**The input:**
§ §

(* Let $a\in\mathbb F^*$ and let $g,h\in\mathcal R$ satisfy $x^n-a=hg$, where $\deg(h)=k$. Let $g_0$ be the constant coefficient of $g$, let $c=\gamma(a,g)$, and set $\widehat g^{r}=\rho_r(\theta^n(g))$ and $\widehat h^{l}=\rho_l(\theta^{-n}(h))$. Then: (1) $M_a^\theta(\overline g)^{\mathsf T}=M_{c^{-1}}^\theta(\overline{g^\#})$, where $g^\#=a\,\widehat g^{r}x^k-c\,g_0\,(x^n-c^{-1})$; (2) $M_c^\theta(\overline{x^k})\,M_a^\theta(\overline g)=M^\theta_{\theta^k(c^{-1})}(\overline{a\widehat g^{r}})^{\mathsf T}$; (3) $M^\theta_{\theta^{k-n}(c^{-1})}(\overline{x^{n-k}})\,M^\theta_{a^{-1}}(\overline{\widehat h^{l}})=M^\theta_c(\overline{a^{-1}h})^{\mathsf T}$.
   Context: $\mathbb F$ is a finite field, $\theta\in\mathrm{Aut}(\mathbb F)$, and $\mathcal R=\mathbb F[x;\theta]$ is the skew polynomial ring: its elements are $\sum_i f_ix^i$ with $f_i\in\mathbb F$ (coefficients written on the left), with the usual addition and multiplication determined by $xb=\theta(b)x$ for $b\in\mathbb F$ together with associativity and distributivity. Fix $n\in\mathbb N$. For $b\in\mathbb F^*$, $\mathcal S_b=\mathcal R/\mathcal R(x^n-b)$ is the quotient left $\mathcal R$-module; $\overline f$ denotes the coset of $f\in\mathcal R$, and in an expression $M^\theta_b(\overline f)$ the coset is always taken in $\mathcal S_b$. The map $\mathfrak p_b:\mathbb F^n\to\mathcal S_b$, $(c_0,\dots,c_{n-1})\mapsto\overline{\sum_{i=0}^{n-1}c_ix^i}$ is a left $\mathbb F$-linear isomorphism and $\mathfrak v_b=\mathfrak p_b^{-1}$. The $(\theta,b)$-circulant of $\overline f\in\mathcal S_b$ is the $n\times n$ matrix $M^\theta_b(\overline f)$ whose row with index $i$ ($i=0,\dots,n-1$) is $\mathfrak v_b(\overline{x^if})$. The automorphism $\theta$ (and its integer powers $\theta^m$) is extended to $\mathcal R$ coefficientwise: $\theta^m(\sum f_ix^i)=\sum\theta^m(f_i)x^i$. For a right divisor $g=\sum g_ix^i$ of $x^n-a$ (so $g_0\neq0$) one sets $\gamma(a,g)=a\,g_0^{-1}\theta^n(g_0)$. For nonzero $f=\sum_{i=0}^tf_ix^i$ with $f_t\ne0$ the left and right reciprocals are $\rho_l(f)=\sum_{i=0}^t\theta^i(f_{t-i})x^i$ and $\rho_r(f)=\sum_{i=0}^t\theta^{i-t}(f_{t-i})x^i$. *)

From HB Require Import structures.
From mathcomp Require Import all_boot all_order all_algebra.
From Stdlib Require Import ClassicalEpsilon.
Set Implicit Arguments. Unset Strict Implicit. Unset Printing Implicit Defensive.
Import GRing.Theory.
Local Open Scope ring_scope.
(* Let $\mu>0$ and let $\mathcal{D}_\mu$ be the collection of all mixed Poisson random variables $D$ with $\mathbb{E}(D)=\mu$. Let $\mu_c$ be the largest real root of $2x=e^{x-1/2}$ ($\mu_c\approx 1.756$). Let $X^*$ be the random variable with $$\mathbb{P}(X^*=\max(\mu,\mu_c))=1-\mathbb{P}(X^*=0)=\min(1,\mu/\mu_c),$$ and let $D^*$ be mixed Poisson$(X^* )$. Then $$\min_{D\in\mathcal{D}_\mu} q_D=q_{D^*}.$$
   Context: For a non-negative real random variable $X$, a random variable $D$ is mixed Poisson$(X)$ if $\mathbb{P}(D=k)=\mathbb{E}\big(\tfrac{X^k}{k!}e^{-X}\big)$ for $k\in\{0,1,2,\dots\}$; then $\mathbb{E}(D)=\mathbb{E}(X)=:\mu_X$. For an $\{0,1,2,\dots\}$-valued random variable $D$ with $0<\mu_D=\mathbb{E}(D)<\infty$, its generating function is $f_D(s)=\mathbb{E}(s^D)$, $s\in[0,1]$, and $\bar f_D(s)=f_D'(s)/\mu_D=\sum_{k\ge1}\frac{k\mathbb{P}(D=k)}{\mu_D}s^{k-1}$ (the generating function of $\bar D-1$, where $\bar D$ is the size-biased version of $D$). For $D$ mixed Poisson$(X)$ one has $f_D(s)=\mathbb{E}(e^{-(1-s)X})$ and $\bar f_D(s)=\mathbb{E}(Xe^{-(1-s)X})/\mu_X$. $z_D$ denotes the smallest root in $[0,1]$ of $s=\bar f_D(s)$, and $q_D:=f_D(z_D)$. (In the Poissonian random graph with i.i.d. vertex weights distributed as $X$, $1-q_D$ is the limiting fraction of vertices in the largest component.) *)

From Stdlib Require Import Reals Lra List ClassicalEpsilon Factorial.
Open Scope R_scope.

Record prob_space := {
  Omega : Type;
  meas : (Omega -> Prop) -> Prop;
  Pr : (Omega -> Prop) -> R;
  meas_full : meas (fun _ => True);
  meas_compl : forall A, meas A -> meas (fun w => ~ A w);
  meas_cunion : forall A : nat -> Omega -> Prop,
      (forall n, meas (A n)) -> meas (fun w => exists n, A n w);
  Pr_nonneg : forall A, meas A -> 0 <= Pr A;
  Pr_full : Pr (fun _ => True) = 1;
  Pr_sigma_additive : forall A : nat -> Omega -> Prop,
      (forall n, meas (A n)) ->
      (forall m n w, m <> n -> A m w -> A n w -> False) ->
      infinite_sum (fun n => Pr (A n)) (Pr (fun w => exists n, A n w))
}.

Definition random_variable (P : prob_space) (X : Omega P -> R) : Prop :=
  forall a : R, meas P (fun w => X w <= a).

Definition indic {T : Type} (A : T -> Prop) (w : T) : R :=
  if excluded_middle_informative (A w) then 1 else 0.

Definition simple_val {T : Type} (s : list (R * (T -> Prop))) (w : T) : R :=
  fold_right (fun p acc => fst p * indic (snd p) w + acc) 0 s.

Definition simple_int (P : prob_space) (s : list (R * (Omega P -> Prop))) : R :=
  fold_right (fun p acc => fst p * Pr P (snd p) + acc) 0 s.

(* Lebesgue integral of a nonnegative function Y: supremum of integrals of
   nonnegative simple functions below Y.  [expect_is P Y l] means E(Y) = l
   (finite). *)
Definition expect_is (P : prob_space) (Y : Omega P -> R) (l : R) : Prop :=
  is_lub (fun r => exists s : list (R * (Omega P -> Prop)),
              (forall p, In p s -> 0 <= fst p /\ meas P (snd p)) /\
              (forall w, simple_val s w <= Y w) /\
              r = simple_int P s) l.

(* p : nat -> R is the probability mass function of a mixed Poisson(X)
   random variable D:  P(D = k) = E(X^k/k! e^{-X}). *)
Definition mixed_poisson_pmf (P : prob_space) (X : Omega P -> R) (p : nat -> R) : Prop :=
  forall k : nat, expect_is P (fun w => X w ^ k / INR (fact k) * exp (- X w)) (p k).

Definition pmf_mean (p : nat -> R) (m : R) : Prop :=
  infinite_sum (fun k => INR k * p k) m.

Definition gen_fun (p : nat -> R) (s v : R) : Prop :=
  infinite_sum (fun k => p k * s ^ k) v.

Definition sb_gen_fun (p : nat -> R) (muD s v : R) : Prop :=
  infinite_sum (fun k => INR (S k) * p (S k) / muD * s ^ k) v.

Definition is_qD (p : nat -> R) (q : R) : Prop :=
  exists muD z : R,
    pmf_mean p muD /\
    0 <= z <= 1 /\ sb_gen_fun p muD z z /\
    (forall s, 0 <= s <= 1 -> sb_gen_fun p muD s s -> z <= s) /\
    gen_fun p z q.

Definition in_D_mu (mu : R) (p : nat -> R) : Prop :=
  exists (P : prob_space) (X : Omega P -> R),
    random_variable P X /\ (forall w, 0 <= X w) /\
    mixed_poisson_pmf P X p /\ pmf_mean p mu.
Lemma measurable_fibers_pair (K1 K2 : finType) (G1 : T -> K1) (G2 : T -> K2) :
  measurable_fibers G1 -> measurable_fibers G2 ->
  measurable_fibers (fun x => (G1 x, G2 x)).
Proof.
move=> mG1 mG2 [k1 k2].
have -> : (fun x => (G1 x, G2 x)) @^-1` [set (k1, k2)] =
    G1 @^-1` [set k1] `&` G2 @^-1` [set k2].
  by apply/seteqP; split=> x /=; case=> -> ->.
exact: measurableI.
Qed.

Lemma measurable_fibers_ge0 (f : T -> R) :
  measurable_fun setT f -> measurable_fibers (fun x => 0 <= f x).
Proof.
move=> mf b; rewrite -[_ @^-1` _]setTI.
apply: (mf measurableT [set r | (0 <= r) = b]).
have m_ge0 : measurable [set r : R | 0 <= r].
  rewrite (_ : [set r | 0 <= r] = `[0, +oo[%classic) //.
  by apply/seteqP; split=> r; rewrite /= in_itv /= andbT.
case: b; first by rewrite (_ : [set r | (0 <= r) = true] = [set r | 0 <= r]).
rewrite (_ : [set r | (0 <= r) = false] = ~` [set r | 0 <= r]).
  exact: measurableC.
by apply/seteqP; split=> r /=; [move=> -> | move/negP/negbTE].
Qed.

Definition atom n (A : 'I_n -> set T) (x : T) : {set 'I_n} := [set i | x \in A i].

Lemma measurable_fibers_atom n (A : 'I_n -> set T) :
  (forall i, measurable (A i)) -> measurable_fibers (atom A).
Proof.
move=> mA S.
have -> : atom A @^-1` [set S] =
    \bigcap_(i in [set: 'I_n]) (if i \in S then A i else ~` A i).
  apply/seteqP; split=> x /=.
    move=> <- i _; rewrite inE.
    by case: ifPn => [/set_mem | ]; rewrite ?notin_setE.
  move=> xS; apply/finset.setP => i; rewrite inE; have := xS i I.
  by case: (i \in S) => /= ?; [exact: mem_set | exact: memNset].
apply: fin_bigcap_measurable => // i _.
by case: (i \in S); [exact: mA | exact: measurableC].
Qed.

Lemma sum_indicator_atom n (c : 'I_n -> R) (A : 'I_n -> set T) x :
  \sum_(i < n) c i * \1_(A i) x = \sum_(i in atom A x) c i.
Proof.
rewrite [RHS]big_mkcond /=; apply: eq_bigr => i _.
by rewrite inE indicE; case: (x \in A i); rewrite ?mulr1 ?mulr0.
Qed.

End measurable_fibers.

Section simple_functions.
Context {d : measure_display} {T : measurableType d} {R : realType}.
Variable mu : {measure set T -> \bar R}.

Lemma simple_fun_atom (s : T -> R) : simple_fun s ->
  exists (K : finType) (G : T -> K) (F : K -> R),
    measurable_fibers G /\ s = (fun x => F (G x)).
Proof.
case=> n [c [A [mA ->]]].
exists _, (atom A), (fun S : {set 'I_n} => \sum_(i in S) c i).
split; first exact: measurable_fibers_atom.
by apply/funext => x; rewrite sum_indicator_atom.
Qed.

Lemma simple_fun_measurable (s : T -> R) : simple_fun s -> measurable_fun setT s.
Proof.
by case/simple_fun_atom=> K [G [F [mG ->]]]; exact: measurable_fibers_comp.
Qed.

Lemma simple_fun_bounded (s : T -> R) : simple_fun s ->
  exists B, forall x, `|s x| <= B.
Proof.
case/simple_fun_atom=> K [G [F [_ ->]]]; exists (\sum_k `|F k|) => x.
by rewrite (bigD1 (G x)) //= lerDl sumr_ge0.
Qed.

Lemma ae_le_Linf_norm (s : T -> R) (B : R) : (forall x, `|s x| <= B) ->
  {ae mu, forall x, `|s x| <= Linf_norm mu s}.
Proof.
move=> sB; rewrite /Linf_norm.
have : (ess_sup mu (fun x => (`|s x|)%:E) <= B%:E)%E.
  by apply: ess_sup_ler => x; rewrite lee_fin.
have := ess_sup_ge mu (fun x => (`|s x|)%:E).
have := (ess_sup_eqNyP mu (fun x => (`|s x|)%:E)).1.
case: ess_sup => [r| |] /= Ny sup_ge supB.
- by apply: filterS sup_ge => x; rewrite lee_fin.
- by [].
- by apply: filterS (Ny erefl).
Qed.

Lemma Linf_norm_ge0 (s : T -> R) : simple_fun s -> 0 <= Linf_norm mu s.
Proof.
case/simple_fun_bounded=> B sB; rewrite leNgt; apply/negP => s_lt0.
have : ess_sup mu (fun x => (`|s x|)%:E) = -oo%E.
  apply/ess_sup_eqNyP; apply: filterS (ae_le_Linf_norm sB) => x sx.
  by exfalso; have := normr_ge0 (s x); lra.
by move: s_lt0; rewrite /Linf_norm => /[swap] ->; rewrite ltxx.
Qed.

Lemma simple_fun_Linf_atom (s : T -> R) : simple_fun s ->
  exists (K : finType) (G : T -> K) (F : K -> R), measurable_fibers G /\
    (forall k, `|F k| <= Linf_norm mu s) /\ {ae mu, forall x, s x = F (G x)}.
Proof.
move=> hs; have [B sB] := simple_fun_bounded hs.
have Linf_ge0 := Linf_norm_ge0 hs.
case/simple_fun_atom: hs => K [G [F [mG sE]]].
exists K, G, (fun k => if `|F k| <= Linf_norm mu s then F k else 0).
split=> //; split; first by move=> k; case: ifP; rewrite ?normr0.
by apply: filterS (ae_le_Linf_norm sB) => x; rewrite sE => ->.
Qed.

End simple_functions.

Section strictly_rectangular_space.
Context {d : measure_display} {T : measurableType d} {R : realType}.
Context {mu : {measure set T -> \bar R}} {X : set (T -> R)} {N : (T -> R) -> R}.
Hypothesis hX : strictly_rectangular_space mu X N.

Lemma srs_eqX u v : X u -> u =1 v -> X v.
Proof. by move=> Xu /funext <-. Qed.

Lemma srs_sub u v : X u -> X v -> X (fun x => u x - v x).
Proof.
move=> Xu Xv; apply: srs_eqX (srs_add hX Xu (srs_scale hX (-1) Xv)) _ => x.
by rewrite mulN1r.
Qed.

Lemma srs_sum n (F : 'I_n -> T -> R) :
  (forall i, X (F i)) -> X (fun x => \sum_(i < n) F i x).
Proof.
elim: n F => [|n IH] F XF.
  by apply: srs_eqX (srs_0 hX) _ => x; rewrite big_ord0.
have XF' := IH (fun i => F (widen_ord (leqnSn n) i)) (fun i => XF _).
apply: srs_eqX (srs_add hX XF' (XF ord_max)) _ => x.
by rewrite big_ord_recr.
Qed.

Lemma srs_norm_ge0 u : X u -> 0 <= N u.
Proof.
move=> Xu; have := srs_triangle hX Xu (srs_scale hX (-1) Xu).
rewrite (srs_homog hX) // normrN normr1 mul1r.
rewrite (_ : (fun x => u x + -1 * u x) = (fun x => 0 * u x)).
  by rewrite (srs_homog hX) // normr0 mul0r; lra.
by apply/funext => x; rewrite mulN1r mul0r subrr.
Qed.

Lemma srs_ae_le (u v : T -> R) c : X u -> N u <= c -> L0 v ->
  Defs.ae_eq mu u v -> X v /\ N v <= c.
Proof. by move=> Xu Nu Lv /(srs_ae hX Xu Lv) [Xv ->]. Qed.

Lemma srs_convex u v t c : X u -> X v -> N u <= c -> N v <= c -> 0 <= t <= 1 ->
  X (fun x => t * u x + (1 - t) * v x) /\
  N (fun x => t * u x + (1 - t) * v x) <= c.
Proof.
move=> Xu Xv Nu Nv /andP[t0 t1].
have Xtu := srs_scale hX t Xu; have Xtv := srs_scale hX (1 - t) Xv.
split; first exact: srs_add hX _ _ _ _.
apply: le_trans (srs_triangle hX Xtu Xtv) _.
rewrite !(srs_homog hX) // ger0_norm // ger0_norm ?subr_ge0 //.
nra.
Qed.

Section finite_multipliers.
Variables (K : finType) (G : T -> K).
Hypothesis mG : measurable_fibers G.

Lemma srs_mul_fin_indicator (F : K -> R) u : X u ->
  (forall k, F k = 0 \/ F k = 1) ->
  X (fun x => F (G x) * u x) /\ N (fun x => F (G x) * u x) <= N u.
Proof.
move=> Xu F01.
rewrite (_ : (fun x => F (G x) * u x) =
             (fun x => \1_(G @^-1` [set k | F k = 1]) x * u x)).
  by apply: (srs_rect hX) Xu; exact: measurable_fibers_preimage.
apply/funext => x; rewrite indicE.
case: (F01 (G x)) => FGx; last by rewrite FGx mem_set.
by rewrite memNset ?FGx //= FGx => /eqP; rewrite eq_sym oner_eq0.
Qed.

Lemma srs_mul_fin01 (F : K -> R) u : X u -> (forall k, 0 <= F k <= 1) ->
  X (fun x => F (G x) * u x) /\ N (fun x => F (G x) * u x) <= N u.
Proof.
move=> Xu.
suff: forall (s : seq K) (F : K -> R), (forall k, 0 <= F k <= 1) ->
    (forall k, k \notin s -> F k = 0 \/ F k = 1) ->
    X (fun x => F (G x) * u x) /\ N (fun x => F (G x) * u x) <= N u.
  by move=> /(_ (enum K) F) + F01; apply=> // k; rewrite mem_enum.
elim=> [|k0 s IH] {}F F01 Fs.
  exact: srs_mul_fin_indicator Xu (fun k => Fs k isT).
pose Fk0 (a : R) k := if k == k0 then a else F k.
have Fk0P a : a = 0 \/ a = 1 -> (forall k, 0 <= Fk0 a k <= 1) /\
    (forall k, k \notin s -> Fk0 a k = 0 \/ Fk0 a k = 1).
  move=> a01; split=> k; rewrite /Fk0; case: eqP => [_|/eqP kk0] //.
  - by case: a01 => ->; rewrite ?lexx ?ler01.
  - by move=> ks; apply: Fs; rewrite inE negb_or kk0.
have [F1_01 F1s] := Fk0P 1 (or_intror erefl).
have [F0_01 F0s] := Fk0P 0 (or_introl erefl).
have [X1 N1] := IH _ F1_01 F1s.
have [X0 N0] := IH _ F0_01 F0s.
rewrite (_ : (fun x => F (G x) * u x) = (fun x =>
    F k0 * (Fk0 1 (G x) * u x) + (1 - F k0) * (Fk0 0 (G x) * u x))).
  exact: srs_convex.
by apply/funext => x; rewrite /Fk0; case: eqP => [->|_]; ring.
Qed.

Lemma srs_mul_fin_ge0 (F : K -> R) u M : 0 <= M -> X u ->
  (forall k, 0 <= F k <= M) ->
  X (fun x => F (G x) * u x) /\ N (fun x => F (G x) * u x) <= M * N u.
Proof.
move=> M0 Xu FM.
have [M_eq0|M_neq0] := eqVneq M 0.
  rewrite (_ : (fun x => F (G x) * u x) = (fun x => 0 * u x)).
    rewrite (srs_homog hX) // normr0 M_eq0 !mul0r.
    by split=> //; exact: srs_scale hX _ _ _.
  by apply/funext => x; have := FM (G x); rewrite M_eq0 => /le_anti <-.
have M_gt0 : 0 < M by rewrite lt_def M_neq0.
have F01 k : 0 <= F k / M <= 1.
  by have /andP[F0 FMk] := FM k; rewrite divr_ge0 //= ler_pdivrMr // mul1r.
have [X1 N1] := srs_mul_fin01 Xu F01.
rewrite (_ : (fun x => F (G x) * u x) = (fun x => M * (F (G x) / M * u x))).
  rewrite (srs_homog hX) // ger0_norm //; split; first exact: srs_scale hX _ _ _.
  exact: ler_wpM2l.
by apply/funext => x; rewrite mulrA [M * _]mulrC divfK.
Qed.

Lemma srs_mul_fin (F : K -> R) u M : 0 <= M -> X u ->
  (forall k, `|F k| <= M) ->
  X (fun x => F (G x) * u x) /\ N (fun x => F (G x) * u x) <= 2 * M * N u.
Proof.
move=> M0 Xu FM.
pose Fpos k := if 0 <= F k then F k else 0.
pose Fneg k := if 0 <= F k then 0 else - F k.
have Fpos_M k : 0 <= Fpos k <= M.
  rewrite /Fpos; case: (lerP 0 (F k)) => F0; last by rewrite lexx.
  by rewrite F0 (le_trans (ler_norm _) (FM k)).
have Fneg_M k : 0 <= Fneg k <= M.
  rewrite /Fneg; case: (lerP 0 (F k)) => F0; first by rewrite lexx.
  by have := FM k; rewrite ltr0_norm // => ->; rewrite oppr_ge0 ltW.
have [Xpos Npos] := srs_mul_fin_ge0 M0 Xu Fpos_M.
have [Xneg Nneg] := srs_mul_fin_ge0 M0 Xu Fneg_M.
have Xneg' := srs_scale hX (-1) Xneg.
rewrite (_ : (fun x => F (G x) * u x) = (fun x =>
    Fpos (G x) * u x + -1 * (Fneg (G x) * u x))).
  split; first exact: srs_add hX _ _ _ _.
  apply: le_trans (srs_triangle hX Xpos Xneg') _.
  rewrite (srs_homog hX) // normrN normr1 mul1r; lra.
by apply/funext => x; rewrite /Fpos /Fneg; case: ifP => _; ring.
Qed.

End finite_multipliers.

Lemma srs_mul_simple_abs (s u : T -> R) : simple_fun s -> X u ->
  N (fun x => `|s x| * u x) <= Linf_norm mu s * N u.
Proof.
move=> hs Xu; have [K [G [F [mG [FM sE]]]]] := simple_fun_Linf_atom mu hs.
have absFM k : 0 <= `|F k| <= Linf_norm mu s by rewrite normr_ge0 FM.
have [XF NF] := srs_mul_fin_ge0 mG (Linf_norm_ge0 mu hs) Xu absFM.
apply: (srs_ae_le XF NF _ _).2.
  apply: measurable_realfun.measurable_funM (srs_L0 hX Xu).
  exact: measurableT_comp (@measurable_realfun.normr_measurable R _)
    (simple_fun_measurable hs).
by apply: filterS sE => x ->.
Qed.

§ §

**Problem to solve:**
Take the stretch of lines above from the one containing "Lemma srs_ae_le (u" through the one containing "X (fun x => t * u x + (1 - t) * v x) /\" and repeat it exactly, adding no other line.

**Written answer:**
Lemma srs_ae_le (u v : T -> R) c : X u -> N u <= c -> L0 v ->
  Defs.ae_eq mu u v -> X v /\ N v <= c.
Proof. by move=> Xu Nu Lv /(srs_ae hX Xu Lv) [Xv ->]. Qed.

Lemma srs_convex u v t c : X u -> X v -> N u <= c -> N v <= c -> 0 <= t <= 1 ->
  X (fun x => t * u x + (1 - t) * v x) /\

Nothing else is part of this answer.